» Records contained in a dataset
──────────────────────────────

(* Let $S=\langle P,\varphi\rangle$ be a SUT model, $t$ a strength and $N\ge1$ an integer. The optimal cost of the Partial MaxSAT instance $TPMSat_{CCX}^{N,t,S}$ (defined in the context) is $|\mathcal T_a|-T(N;t,S)$.
   Context: A SUT model is $S=\langle P,\varphi\rangle$, where $P$ is a finite set of parameters, each $p\in P$ having a finite nonempty domain $d(p)$, and $\varphi$ is a propositional formula whose atoms have the form $(p=v)$ with $p\in P$, $v\in d(p)$. A test case is a full assignment $A$ giving each $p$ a value in $d(p)$ such that $\varphi$ is true when each atom $(p=v)$ is read as true iff $A(p)=v$; it is assumed that at least one test case exists. Fix a strength $t$ with $1\le t\le|P|$. A $t$-tuple is an assignment of values to exactly $t$ distinct parameters, viewed as a set of pairs $(p,v)$; a test case covers $\tau$ if it assigns $v$ to $p$ for every $(p,v)\in\tau$. A $t$-tuple is allowed if some test case covers it; $\mathcal T_a$ is the set of allowed $t$-tuples. The Tuple Number $T(N;t,S)$ is the maximum number of $t$-tuples covered (each by at least one member) by a list of $N$ test cases. $[N]=\{1,\dots,N\}$. A Partial MaxSAT instance consists of hard constraints and soft clauses $(c,w)$ with positive integer weights; its optimal cost is the minimum, over truth assignments satisfying all hard constraints, of the total weight of falsified soft clauses ($\infty$ if the hard constraints are unsatisfiable). Variables: $x_{i,p,v}$ ($i\in[N]$, $p\in P$, $v\in d(p)$), $c^i_\tau$ ($i\in\{0,\dots,N\}$, $\tau\in\mathcal T_a$). Hard constraints of $TPMSat_{CCX}^{N,t,S}$: (X) for every $i\in[N]$, $p\in P$: exactly one of $\{x_{i,p,v}:v\in d(p)\}$ is true; (SUTX) for every $i\in[N]$: the formula obtained from $\varphi$ by replacing each atom $(p=v)$ with $x_{i,p,v}$; (a) for every $i\in[N]$, $\tau\in\mathcal T_a$, $(p,v)\in\tau$: $c^i_\tau\rightarrow(c^{i-1}_\tau\vee x_{i,p,v})$; (c) for every $\tau\in\mathcal T_a$: $c^N_\tau\rightarrow\neg c^0_\tau$. Soft clauses: $(c^N_\tau,1)$ for every $\tau\in\mathcal T_a$. *)

From HB Require Import structures.
From mathcomp Require Import all_boot.

Set Implicit Arguments.
Unset Strict Implicit.
Unset Printing Implicit Defensive.

Inductive form (A : Type) : Type :=
  | FVar of A
  | FTop
  | FBot
  | FNot of form A
  | FAnd of form A & form A
  | FOr of form A & form A
  | FImp of form A & form A.

Arguments FTop {A}.
Arguments FBot {A}.

Fixpoint eval (A : Type) (val : A -> bool) (f : form A) : bool :=
  match f with
  | FVar a => val a
  | FTop => true
  | FBot => false
  | FNot g => ~~ eval val g
  | FAnd g h => eval val g && eval val h
  | FOr g h => eval val g || eval val h
  | FImp g h => eval val g ==> eval val h
  end.

Fixpoint fmap (A B : Type) (s : A -> B) (f : form A) : form B :=
  match f with
  | FVar a => FVar (s a)
  | FTop => FTop
  | FBot => FBot
  | FNot g => FNot (fmap s g)
  | FAnd g h => FAnd (fmap s g) (fmap s h)
  | FOr g h => FOr (fmap s g) (fmap s h)
  | FImp g h => FImp (fmap s g) (fmap s h)
  end.

Definition bigOr (A : Type) (s : seq (form A)) : form A := foldr (@FOr A) FBot s.
Definition bigAnd (A : Type) (s : seq (form A)) : form A := foldr (@FAnd A) FTop s.

Fixpoint at_most_one (A : Type) (s : seq A) : form A :=
  match s with
  | [::] => FTop
  | a :: s' => FAnd (bigAnd [seq FNot (FAnd (FVar a) (FVar b)) | b <- s'])
                    (at_most_one s')
  end.

Definition exactly_one (A : Type) (s : seq A) : form A :=
  FAnd (bigOr [seq FVar a | a <- s]) (at_most_one s).

Record pmaxsat (V : Type) := PMaxSat {
  hard : seq (form V);
  soft : seq (form V * nat)  (* (clause, positive weight) *)
}.

Definition sat_hard (V : Type) (I : pmaxsat V) (val : V -> bool) : bool :=
  all (eval val) (hard I).

Definition soft_cost (V : Type) (I : pmaxsat V) (val : V -> bool) : nat :=
  \sum_(cw <- soft I | ~~ eval val cw.1) cw.2.

Definition is_opt_cost (V : Type) (I : pmaxsat V) (k : nat) : Prop :=
  (exists val : V -> bool, sat_hard I val /\ soft_cost I val = k) /\
  (forall val : V -> bool, sat_hard I val -> k <= soft_cost I val).

(* SUT models: parameters P (finite), domains D p (finite), formula phi *)
(* over atoms (p = v), an atom being a dependent pair (p ; v).          *)
Section SUT.
Variables (P : finType) (D : P -> finType).

Definition atom := {p : P & D p}.
Definition assignment := {dffun forall p : P, D p}.

Definition atom_true (A : assignment) (a : atom) : bool := A (tag a) == tagged a.

Definition test_case (phi : form atom) (A : assignment) : bool :=
  eval (atom_true A) phi.

Definition is_ttuple (t : nat) (tau : {set atom}) : bool :=
  (#|tau| == t) &&
  [forall a in tau, forall b in tau, (tag a == tag b) ==> (a == b)].

Definition covers (A : assignment) (tau : {set atom}) : bool :=
  [forall a in tau, atom_true A a].

Definition allowed (phi : form atom) (t : nat) (tau : {set atom}) : bool :=
  is_ttuple t tau && [exists A : assignment, test_case phi A && covers A tau].

Definition Ta (phi : form atom) (t : nat) : {set {set atom}} :=
  [set tau | allowed phi t tau].

(* the same set, as a finite type (indexing the variables c^i_tau) *)
Definition ttup (phi : form atom) (t : nat) := {tau : {set atom} | allowed phi t tau}.
HB.instance Definition _ phi t :=
  Finite.copy (ttup phi t) {tau : {set atom} | allowed phi t tau}.

Definition n_covered (t N : nat) (L : {ffun 'I_N -> assignment}) : nat :=
  #|[set tau : {set atom} | is_ttuple t tau && [exists i, covers (L i) tau]]|.

Definition tuple_number (phi : form atom) (t N : nat) : nat :=
  \max_(L : {ffun 'I_N -> assignment} | [forall i, test_case phi (L i)])
     n_covered t L.

(* Variables of TPMSat_CCX: x_{i,p,v} and c^i_tau. Indices i are natural
   numbers with the paper's ranges (i in [N] = 1..N for x, i in 0..N for c);
   only these occur in the instance. *)
Inductive ccx_var (phi : form atom) (t : nat) :=
  | xv of nat & atom
  | cv of nat & ttup phi t.

Definition TPMSat_CCX (phi : form atom) (t N : nat) : pmaxsat (ccx_var phi t) :=
  let X i a := @xv phi t i a in
  let C i tau := @cv phi t i tau in
  PMaxSat
    (
      [seq exactly_one [seq X i (Tagged D v) | v <- enum (D p)]
         | i <- iota 1 N, p <- enum P]
   ++
      [seq fmap (X i) phi | i <- iota 1 N]
   ++
      flatten [seq [seq FImp (FVar (C i tau)) (FOr (FVar (C i.-1 tau)) (FVar (X i a)))
                      | tau <- enum [set: ttup phi t], a <- enum (val tau)]
                 | i <- iota 1 N]
   ++
      [seq FImp (FVar (C N tau)) (FNot (FVar (C 0 tau)))
         | tau <- enum [set: ttup phi t]])
    [seq (FVar (C N tau), 1) | tau <- enum [set: ttup phi t]].

End SUT.

From mathcomp Require Import all_boot zify.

──────────────────────────────

» Assignment
In the records above, find each line that mentions the string "FNot", then copy it.

» Solution
  | FNot of form A
  | FNot g => ~~ eval val g
  | FNot g => FNot (fmap s g)
  | a :: s' => FAnd (bigAnd [seq FNot (FAnd (FVar a) (FVar b)) | b <- s'])
      [seq FImp (FVar (C N tau)) (FNot (FVar (C 0 tau)))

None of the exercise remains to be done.